(Saved entries)
"""

(* Let $\bm\Phi\in\mathbb{R}^{N\times N}$, and for hyperparameters $\bm\beta\in B$ let $\mathcal{O}_{\bm\beta}\in\mathbb{R}^{N\times N}$ be symmetric positive definite, with $\mathbf{K}_{\bm\beta}=\bm\Phi\mathcal{O}_{\bm\beta}\bm\Phi^\top$. Parametrize $\bm\rho=(\tilde\gamma,\bm\beta,\sigma^2)\in(0,\infty)\times B\times(0,\infty)$ with $\tilde\gamma=\gamma\sigma^2$, and set $\mathbf{S}_{\bm\rho}=\mathbf{K}_{\bm\beta}/\gamma+\sigma^2\mathbf{I}$. Let $\bar{\mathbf{Q}}\in\mathbb{R}^{N\times N}$ be symmetric positive definite. Take factorizations $\mathcal{O}_{\bm\beta}/\tilde\gamma=\mathbf{L}_{\bm\rho}\mathbf{L}_{\bm\rho}^\top$ and $\bar{\mathbf{Q}}=\mathbf{C}\mathbf{C}^\top$ with $\mathbf{L}_{\bm\rho},\mathbf{C}$ triangular with positive diagonal, and a QR factorization $$\begin{bmatrix}\bm\Phi\mathbf{L}_{\bm\rho}&\mathbf{C}\\ \mathbf{I}&\mathbf{0}\end{bmatrix}=\mathbf{Q}_{\bm\rho}\begin{bmatrix}\mathbf{R}_{1,\bm\rho}&\mathbf{R}_{2,\bm\rho}\\ \mathbf{0}&\mathbf{R}_{3,\bm\rho}\end{bmatrix},$$ with $\mathbf{Q}_{\bm\rho}$ orthogonal and $\mathbf{R}_{1,\bm\rho},\mathbf{R}_{3,\bm\rho}\in\mathbb{R}^{N\times N}$ upper triangular with positive diagonal ($\mathbf{R}_{1,\bm\rho},\mathbf{R}_{2,\bm\rho}$ depend only on $(\tilde\gamma,\bm\beta)$). Then $\|\mathbf{C}\|_F^2-\|\mathbf{R}_{2,\bm\rho}\|_F^2>0$, and $(\tilde\gamma^*,\bm\beta^*,\sigma^{2*})$ minimizes $f(\bm\rho)=\log\det(\mathbf{S}_{\bm\rho})+\mathrm{tr}\{\mathbf{S}_{\bm\rho}^{-1}\bar{\mathbf{Q}}\}$ over $(0,\infty)\times B\times(0,\infty)$ if and only if $$(\tilde\gamma^*,\bm\beta^* )\in\arg\min_{\tilde\gamma>0,\bm\beta\in B}\Big(N\log\big(\|\mathbf{C}\|_F^2-\|\mathbf{R}_{2,\bm\rho}\|_F^2\big)+2\log\det(\mathbf{R}_{1,\bm\rho})\Big)$$ and $\sigma^{2*}=\frac1N\big(\|\mathbf{C}\|_F^2-\|\mathbf{R}_{2,\bm\rho^*}\|_F^2\big)$.
   Context: $\|\cdot\|_F$ denotes the Frobenius norm. In the paper, $\bar{\mathbf{Q}}$ is the conditional second moment $\bar{\mathbf{Q}}^{(j)}$ of the unquantized output at the current EM iterate, and the claim gives an equivalent form of the EM M-step $\arg\min_{\bm\rho}(\log\det\mathbf{S}_{\bm\rho}+\mathrm{tr}\{\mathbf{S}_{\bm\rho}^{-1}\bar{\mathbf{Q}}^{(j)}\})$ for Empirical Bayes hyperparameter estimation. *)

From mathcomp Require Import all_boot all_order all_algebra.
From mathcomp Require Import all_classical all_reals all_analysis.
Set Implicit Arguments. Unset Strict Implicit. Unset Printing Implicit Defensive.
Import Order.TTheory GRing.Theory Num.Theory.
Local Open Scope ring_scope.

Section Defs.
Variable R : realType.

Definition spd n (A : 'M[R]_n) : Prop :=
  A^T = A /\ forall x : 'cV[R]_n, x != 0 -> 0 < (x^T *m A *m x) ord0 ord0.

Definition trig_posdiag n (A : 'M[R]_n) : Prop :=
  (is_trig_mx A \/ is_trig_mx A^T) /\ forall i, 0 < A i i.

Definition upper_posdiag n (A : 'M[R]_n) : Prop :=
  is_trig_mx A^T /\ forall i, 0 < A i i.

Definition orthogonal_mx n (Q : 'M[R]_n) : Prop := Q^T *m Q = 1%:M.

Definition frob m n (A : 'M[R]_(m, n)) : R :=
  Num.sqrt (\sum_i \sum_j A i j ^+ 2).

(* S_rho with gamma = gt / s2, i.e. K/gamma + s2 I *)
Definition Smat n (K : 'M[R]_n) (gt s2 : R) : 'M[R]_n :=
  (gt / s2)^-1 *: K + s2%:M.

Definition emf n (K Qbar : 'M[R]_n) (gt s2 : R) : R :=
  ln (\det (Smat K gt s2)) + \tr (invmx (Smat K gt s2) *m Qbar).

End Defs.

From mathcomp Require Import all_boot all_order all_algebra.
From mathcomp Require Import all_classical all_reals all_analysis.
From mathcomp Require Import ring lra.
Import Order.TTheory GRing.Theory Num.Theory.
Set Implicit Arguments. Unset Strict Implicit. Unset Printing Implicit Defensive.
Local Open Scope ring_scope.

(* Write A := Phi L, so that gt^-1 O = L L^T gives S = s2 (I + A A^T).
   The QR factorization of [A C; I 0] yields, by comparing Gram matrices,
     R1^T R1 = A^T A + I,   R1^T R2 = A^T C,   R2^T R2 + R3^T R3 = C^T C.
   Hence
   - det S = s2^N det(I + A^T A) = s2^N (det R1)^2   (Sylvester's identity);
   - tr(S^-1 Qbar) = (|C|_F^2 - |R2|_F^2) / s2, using the push-through
     identity (I + A A^T)^-1 = I - A (A^T A + I)^-1 A^T;
   - |C|_F^2 - |R2|_F^2 = |R3|_F^2 > 0, as R3 has a positive diagonal.
   So f(gt, beta, s2) = N ln s2 + 2 ln det R1 + c(gt, beta) / s2 with c > 0.
   For fixed c the map s |-> N ln s + c / s has the unique minimizer c / N,
   where it equals N ln c + (N - N ln N); minimizing over s2 first therefore
   turns the joint minimization of f into the minimization of
   g = N ln c + 2 ln det R1, which is the theorem. *)

Section Profile.
Variable R : realType.

Lemma ln_le_subr1 (t : R) : 0 < t -> ln t <= t - 1.
Proof.
move=> t0; have := expR_ge1Dx (ln t); rewrite lnK ?posrE //; lra.
Qed.

Lemma ln_lt_subr1 (t : R) : 0 < t -> t != 1 -> ln t < t - 1.
Proof.
move=> t0 t1; have ln_neq0 : ln t != 0 by rewrite ln_eq0.
have := expR_gt1Dx ln_neq0; rewrite lnK ?posrE //; lra.
Qed.

Lemma profile_gap (n c s : R) : 0 < n -> 0 < c -> 0 < s ->
  n * ln s + c / s - (n * ln (c / n) + n)
  = n * (c / (n * s) - 1 - ln (c / (n * s))).
Proof.
move=> n0 c0 s0; set t := c / (n * s).
have t0 : 0 < t by rewrite divr_gt0 // mulr_gt0.
have -> : c / n = t * s by rewrite /t; field; rewrite !gt_eqF.
have -> : c / s = n * t by rewrite /t; field; rewrite !gt_eqF.
by rewrite lnM ?posrE //; ring.
Qed.

Lemma profile_lb (n c s : R) : 0 < n -> 0 < c -> 0 < s ->
  n * ln (c / n) + n <= n * ln s + c / s.
Proof.
move=> n0 c0 s0; rewrite -Num.Theory.subr_ge0 profile_gap //.
have t0 : 0 < c / (n * s) by rewrite divr_gt0 // mulr_gt0.
by apply: mulr_ge0; [exact: ltW | have := ln_le_subr1 t0; lra].
Qed.

Lemma profile_argmin_eq (n c s : R) : 0 < n -> 0 < c -> 0 < s ->
  n * ln s + c / s <= n * ln (c / n) + n -> s = c / n.
Proof.
move=> n0 c0 s0; rewrite -Num.Theory.subr_le0 profile_gap // => gap_le0.
have t0 : 0 < c / (n * s) by rewrite divr_gt0 // mulr_gt0.
have /eqP t1 : c / (n * s) == 1.
  apply/negPn/negP => t_neq1.
  have gap_gt0 : 0 < n * (c / (n * s) - 1 - ln (c / (n * s))).
    by apply: mulr_gt0 => //; have := ln_lt_subr1 t0 t_neq1; lra.
  by move: gap_le0; rewrite leNgt gap_gt0.
by rewrite (divr1_eq t1); field; rewrite gt_eqF.
Qed.

Lemma profile_argmin (X : Type) (D : X -> Prop) (n : R) (h c : X -> R)
    (F : X -> R -> R) :
  0 < n -> (forall x, D x -> 0 < c x) ->
  (forall x s, D x -> 0 < s -> F x s = n * ln s + h x + c x / s) ->
  forall xs ss, D xs -> 0 < ss ->
  (forall x s, D x -> 0 < s -> F xs ss <= F x s) <->
  ((forall x, D x -> n * ln (c xs) + h xs <= n * ln (c x) + h x) /\
   ss = n^-1 * c xs).
Proof.
move=> n0 c_gt0 F_eq.
pose m := n - n * ln n.
have F_lb x s : D x -> 0 < s -> n * ln (c x) + h x + m <= F x s.
  move=> Dx s0; have := profile_lb n0 (c_gt0 x Dx) s0.
  by rewrite F_eq // ln_div ?posrE ?c_gt0 // /m; lra.
have F_min x : D x -> F x (c x / n) = n * ln (c x) + h x + m.
  move=> Dx; have cx0 := c_gt0 x Dx.
  rewrite F_eq ?divr_gt0 // ln_div ?posrE // /m.
  have -> : c x / (c x / n) = n by field; rewrite !gt_eqF.
  ring.
have F_argmin x s : D x -> 0 < s -> F x s <= n * ln (c x) + h x + m ->
    s = c x / n.
  move=> Dx s0 F_le; apply: (profile_argmin_eq n0 (c_gt0 x Dx) s0).
  by move: F_le; rewrite F_eq // ln_div ?posrE ?c_gt0 // /m; lra.
move=> xs ss Dxs ss0; split => [F_ge | [g_ge ->]].
  have ss_eq : ss = c xs / n.
    apply: F_argmin => //; rewrite -F_min //.
    by apply: F_ge; rewrite ?divr_gt0 ?c_gt0.
  split; last by rewrite ss_eq mulrC.
  move=> x Dx; have := F_ge x (c x / n) Dx (divr_gt0 (c_gt0 x Dx) n0).
  by rewrite F_min //; have := F_lb xs ss Dxs ss0; lra.
move=> x s Dx s0; rewrite mulrC F_min //.
by have := F_lb x s Dx s0; have := g_ge x Dx; lra.
Qed.

End Profile.

Section MatrixIdentities.
Variable R : realType.

Lemma frob_sqr m n (A : 'M[R]_(m, n)) : frob A ^+ 2 = \tr (A^T *m A).
Proof.
rewrite /frob sqr_sqrtr; last first.
  by apply: sumr_ge0 => i _; apply: sumr_ge0 => j _; exact: sqr_ge0.
rewrite /mxtrace; under [RHS]eq_bigr do rewrite mxE.
rewrite exchange_big; apply: eq_bigr => i _; apply: eq_bigr => j _.
by rewrite !mxE expr2.
Qed.

Lemma frob_sqr_gt0 m n (A : 'M[R]_(m, n)) i0 j0 :
  A i0 j0 != 0 -> 0 < frob A ^+ 2.
Proof.
move=> A_neq0.
rewrite frob_sqr /mxtrace (bigD1 j0) //= ltr_pwDl //; last first.
  apply: sumr_ge0 => j _; rewrite mxE.
  by apply: sumr_ge0 => i _; rewrite !mxE -expr2 sqr_ge0.
rewrite mxE (bigD1 i0) //= ltr_pwDl //.
  by rewrite !mxE -expr2 exprn_even_gt0 // A_neq0 orbT.
by apply: sumr_ge0 => i _; rewrite !mxE -expr2 sqr_ge0.
Qed.

Lemma det_1Dmul m n (A : 'M[R]_(m, n)) (B : 'M[R]_(n, m)) :
  \det (1%:M + A *m B) = \det (1%:M + B *m A).
Proof.
have lower : block_mx (1%:M + A *m B) (- A) 0 1%:M *m block_mx 1%:M 0 B 1%:M
             = block_mx 1%:M (- A) B 1%:M.
  rewrite mulmx_block ?mulmx1 ?mul1mx ?mulmx0 ?mul0mx ?addr0 ?add0r.
  by rewrite mulNmx addrK.
have upper : block_mx 1%:M 0 B 1%:M *m block_mx 1%:M (- A) 0 (1%:M + B *m A)
             = block_mx 1%:M (- A) B 1%:M.
  rewrite mulmx_block ?mulmx1 ?mul1mx ?mulmx0 ?mul0mx ?addr0 ?add0r.
  by rewrite mulmxN addrC addrK.
have := congr1 determinant upper.
rewrite -lower !det_mulmx ?det_ublock ?det_lblock ?det1.
by rewrite !mul1r !mulr1 => ->.
Qed.

Lemma det_upper_posdiag_gt0 n (A : 'M[R]_n) : upper_posdiag A -> 0 < \det A.
Proof.
case=> trigA diagA; rewrite -det_tr det_trig //.
by apply: prodr_gt0 => i _; rewrite mxE.
Qed.

Lemma invmx_right n (A B : 'M[R]_n) : A *m B = 1%:M -> invmx A = B.
Proof.
move=> AB1; have [uA _] := mulmx1_unit AB1.
by rewrite -[invmx A]mulmx1 -AB1 mulmxA mulVmx // mul1mx.
Qed.

Lemma invmx_1Dgram m n (A : 'M[R]_(m, n)) : A^T *m A + 1%:M \in unitmx ->
  invmx (1%:M + A *m A^T) = 1%:M - A *m invmx (A^T *m A + 1%:M) *m A^T.
Proof.
move=> uG; apply: invmx_right.
have shift : (1%:M + A *m A^T) *m A = A *m (A^T *m A + 1%:M).
  by rewrite mulmxDl mulmxDr mul1mx mulmx1 mulmxA addrC.
rewrite mulmxBr mulmx1 !mulmxA shift -(mulmxA A) mulmxV // mulmx1.
by rewrite addrK.
Qed.

Lemma qr_gram n m k (Q : 'M[R]_(n + m)) (A : 'M[R]_(n, m)) (C : 'M[R]_(n, k))
    (R1 : 'M[R]_(n, m)) (R2 : 'M[R]_(n, k)) (R3 : 'M[R]_(m, k)) :
  orthogonal_mx Q ->
  block_mx A C 1%:M 0 = Q *m block_mx R1 R2 0 R3 ->
  [/\ R1^T *m R1 = A^T *m A + 1%:M, R1^T *m R2 = A^T *m C &
      R2^T *m R2 + R3^T *m R3 = C^T *m C].
Proof.
move=> orthQ E.
have : (block_mx A C 1%:M 0)^T *m block_mx A C 1%:M 0
     = (block_mx R1 R2 0 R3)^T *m block_mx R1 R2 0 R3.
  by rewrite E trmx_mul mulmxA -(mulmxA _ Q^T) orthQ mulmx1.
rewrite !tr_block_mx !mulmx_block !trmx0 trmx1.
rewrite ?mulmx1 ?mul1mx ?mulmx0 ?mul0mx ?addr0 ?add0r.
by case/eq_block_mx => -> -> _ ->.
Qed.

Lemma trace_inv_1Dgram n m k (A : 'M[R]_(n, m)) (C : 'M[R]_(n, k))
    (R1 : 'M[R]_m) (R2 : 'M[R]_(m, k)) : R1 \in unitmx ->
  R1^T *m R1 = A^T *m A + 1%:M -> R1^T *m R2 = A^T *m C ->
  \tr (invmx (1%:M + A *m A^T) *m (C *m C^T)) = \tr (C^T *m C) - \tr (R2^T *m R2).
Proof.
move=> uR1 gram1 gram2.
have uR1T : R1^T \in unitmx by rewrite unitmx_tr.
have uG : A^T *m A + 1%:M \in unitmx by rewrite -gram1 unitmx_mul uR1T uR1.
have inv_gram : invmx (A^T *m A + 1%:M) = invmx R1 *m invmx R1^T.
  apply: invmx_right.
  by rewrite -gram1 mulmxA -(mulmxA R1^T) mulmxV // mulmx1 mulmxV.
have gram2T : C^T *m A = R2^T *m R1.
  by rewrite -[LHS]trmxK trmx_mul trmxK -gram2 trmx_mul trmxK.
have proj : C^T *m (A *m invmx (A^T *m A + 1%:M) *m A^T) *m C = R2^T *m R2.
  rewrite inv_gram !mulmxA gram2T -(mulmxA (R2^T) R1) mulmxV // mulmx1.
  by rewrite -!mulmxA -gram2 (mulmxA (invmx R1^T)) mulVmx // mul1mx.
rewrite (invmx_1Dgram uG) mulmxA mxtrace_mulC mulmxA mulmxBr mulmx1 mulmxBl.
by rewrite proj linearB.
Qed.

Lemma Smat_scale n (K : 'M[R]_n) (gt s2 : R) :
  Smat K gt s2 = s2 *: (1%:M + gt^-1 *: K).
Proof.
by rewrite /Smat scalerDr scalemx1 scalerA invfM invrK mulrC addrC.
Qed.

Lemma emf_profile n (Phi O Qbar C L R1 R2 R3 : 'M[R]_n) (Q : 'M[R]_(n + n))
    (gt s2 : R) :
  0 < s2 -> Qbar = C *m C^T -> gt^-1 *: O = L *m L^T ->
  orthogonal_mx Q -> upper_posdiag R1 ->
  block_mx (Phi *m L) C 1%:M 0 = Q *m block_mx R1 R2 0 R3 ->
  emf (Phi *m O *m Phi^T) Qbar gt s2
   = n%:R * ln s2 + 2 * ln (\det R1) + (frob C ^+ 2 - frob R2 ^+ 2) / s2.
Proof.
move=> s2_gt0 Qbar_eq L_fact orthQ R1_up E.
set A := Phi *m L.
have [gram1 gram2 _] := qr_gram orthQ E.
have detR1_gt0 := det_upper_posdiag_gt0 R1_up.
have uR1 : R1 \in unitmx by rewrite unitmxE unitfE gt_eqF.
have S_eq : Smat (Phi *m O *m Phi^T) gt s2 = s2 *: (1%:M + A *m A^T).
  rewrite Smat_scale scalemxAl scalemxAr L_fact.
  by rewrite /A trmx_mul !mulmxA.
have det_1Dgram : \det (1%:M + A *m A^T) = \det R1 * \det R1.
  by rewrite det_1Dmul addrC -gram1 det_mulmx det_tr.
have uS : s2 *: (1%:M + A *m A^T) \in unitmx.
  by rewrite unitmxE unitfE detZ det_1Dgram mulf_neq0 ?expf_neq0 ?gt_eqF ?mulr_gt0.
rewrite /emf S_eq detZ det_1Dgram invmxZ // -(scalemxAl (s2^-1)) mxtraceZ.
rewrite lnM ?posrE ?exprn_gt0 ?mulr_gt0 // lnXn // lnM ?posrE //.
rewrite Qbar_eq (trace_inv_1Dgram uR1 gram1 gram2) -!frob_sqr -mulr_natl.
by field; rewrite gt_eqF.
Qed.

(* From the last Gram identity, |C|_F^2 - |R2|_F^2 = |R3|_F^2, which is
   positive as soon as R3 has a nonzero entry. *)
Lemma frob_gap_gt0 n m k (C : 'M[R]_(n, k)) (R2 : 'M[R]_(m, k))
    (R3 : 'M[R]_(n, k)) i0 j0 :
  R3 i0 j0 != 0 -> R2^T *m R2 + R3^T *m R3 = C^T *m C ->
  0 < frob C ^+ 2 - frob R2 ^+ 2.
Proof.
move=> R3_neq0 gram3.
have -> : frob C ^+ 2 - frob R2 ^+ 2 = frob R3 ^+ 2.
  by rewrite !frob_sqr -gram3 linearD /=; ring.
exact: frob_sqr_gt0 R3_neq0.
Qed.

End MatrixIdentities.

Theorem theorem3 (R : realType) (N : nat) (B : Type)
  (Phi : 'M[R]_N) (O : B -> 'M[R]_N) (Qbar C : 'M[R]_N)
  (L : R -> B -> 'M[R]_N) (Q : R -> B -> 'M[R]_(N + N))
  (R1 R2 R3 : R -> B -> 'M[R]_N) :
  (0 < N)%N ->
  (forall beta, spd (O beta)) ->
  spd Qbar ->
  trig_posdiag C -> Qbar = C *m C^T ->
  (forall gt beta, 0 < gt ->
     trig_posdiag (L gt beta) /\ gt^-1 *: O beta = L gt beta *m (L gt beta)^T) ->
  (forall gt beta, 0 < gt ->
     orthogonal_mx (Q gt beta) /\
     upper_posdiag (R1 gt beta) /\ upper_posdiag (R3 gt beta) /\
     block_mx (Phi *m L gt beta) C 1%:M 0
       = Q gt beta *m block_mx (R1 gt beta) (R2 gt beta) 0 (R3 gt beta)) ->
  let K := fun beta => Phi *m O beta *m Phi^T in
  let f := fun gt beta s2 => emf (K beta) Qbar gt s2 in
  let g := fun gt beta =>
    N%:R * ln (frob C ^+ 2 - frob (R2 gt beta) ^+ 2) + 2 * ln (\det (R1 gt beta)) in
  (forall gt beta, 0 < gt -> 0 < frob C ^+ 2 - frob (R2 gt beta) ^+ 2) /\
  (forall gts betas s2s, 0 < gts -> 0 < s2s ->
     ((forall gt beta s2, 0 < gt -> 0 < s2 -> f gts betas s2s <= f gt beta s2)
      <->
      ((forall gt beta, 0 < gt -> g gts betas <= g gt beta) /\
       s2s = N%:R^-1 * (frob C ^+ 2 - frob (R2 gts betas) ^+ 2)))).
Proof.
move=> N_gt0 _ _ _ Qbar_eq L_fact QR K f g.
pose c p := frob C ^+ 2 - frob (R2 p.1 p.2) ^+ 2.
have c_gt0 (p : R * B) : 0 < p.1 -> 0 < c p.
  move=> gt0; have [orthQ [_ [[_ R3_diag] E]]] := QR _ p.2 gt0.
  have [_ _ gram3] := qr_gram orthQ E.
  pose i0 := Ordinal N_gt0.
  have R3_neq0 : R3 p.1 p.2 i0 i0 != 0 by rewrite gt_eqF.
  exact: frob_gap_gt0 R3_neq0 gram3.
have f_eq (p : R * B) s2 : 0 < p.1 -> 0 < s2 ->
    f p.1 p.2 s2 = N%:R * ln s2 + 2 * ln (\det (R1 p.1 p.2)) + c p / s2.
  move=> gt0 s2_gt0; have [orthQ [R1_up [_ E]]] := QR _ p.2 gt0.
  exact: emf_profile s2_gt0 Qbar_eq (L_fact _ _ gt0).2 orthQ R1_up E.
split=> [gt beta | gts betas s2s gts0 s2s0]; first exact: (c_gt0 (gt, beta)).
have N_pos : 0 < N%:R :> R by rewrite ltr0n.
have [to_g of_g] := profile_argmin (h := fun p => 2 * ln (\det (R1 p.1 p.2)))
  (F := fun p => f p.1 p.2) (xs := (gts, betas)) N_pos c_gt0 f_eq gts0 s2s0.
split=> [f_ge | [g_ge s2s_eq]].
  have [g_ge ->] := to_g (fun p s => f_ge p.1 p.2 s).
  by split=> // gt beta; exact: (g_ge (gt, beta)).
move=> gt beta s2; apply: (of_g _ (gt, beta)).
by split=> // p; exact: g_ge.
Qed.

"""

- _Work to complete_: Of the lines above, extract only those from the line with "by apply: sumr_ge0 => i _; apply: sumr_ge0" to the line with "by rewrite mulNmx addrK.", both included, exactly as written.

- _Answer to this problem_:
  by apply: sumr_ge0 => i _; apply: sumr_ge0 => j _; exact: sqr_ge0.
rewrite /mxtrace; under [RHS]eq_bigr do rewrite mxE.
rewrite exchange_big; apply: eq_bigr => i _; apply: eq_bigr => j _.
by rewrite !mxE expr2.
Qed.

Lemma frob_sqr_gt0 m n (A : 'M[R]_(m, n)) i0 j0 :
  A i0 j0 != 0 -> 0 < frob A ^+ 2.
Proof.
move=> A_neq0.
rewrite frob_sqr /mxtrace (bigD1 j0) //= ltr_pwDl //; last first.
  apply: sumr_ge0 => j _; rewrite mxE.
  by apply: sumr_ge0 => i _; rewrite !mxE -expr2 sqr_ge0.
rewrite mxE (bigD1 i0) //= ltr_pwDl //.
  by rewrite !mxE -expr2 exprn_even_gt0 // A_neq0 orbT.
by apply: sumr_ge0 => i _; rewrite !mxE -expr2 sqr_ge0.
Qed.

Lemma det_1Dmul m n (A : 'M[R]_(m, n)) (B : 'M[R]_(n, m)) :
  \det (1%:M + A *m B) = \det (1%:M + B *m A).
Proof.
have lower : block_mx (1%:M + A *m B) (- A) 0 1%:M *m block_mx 1%:M 0 B 1%:M
             = block_mx 1%:M (- A) B 1%:M.
  rewrite mulmx_block ?mulmx1 ?mul1mx ?mulmx0 ?mul0mx ?addr0 ?add0r.
  by rewrite mulNmx addrK.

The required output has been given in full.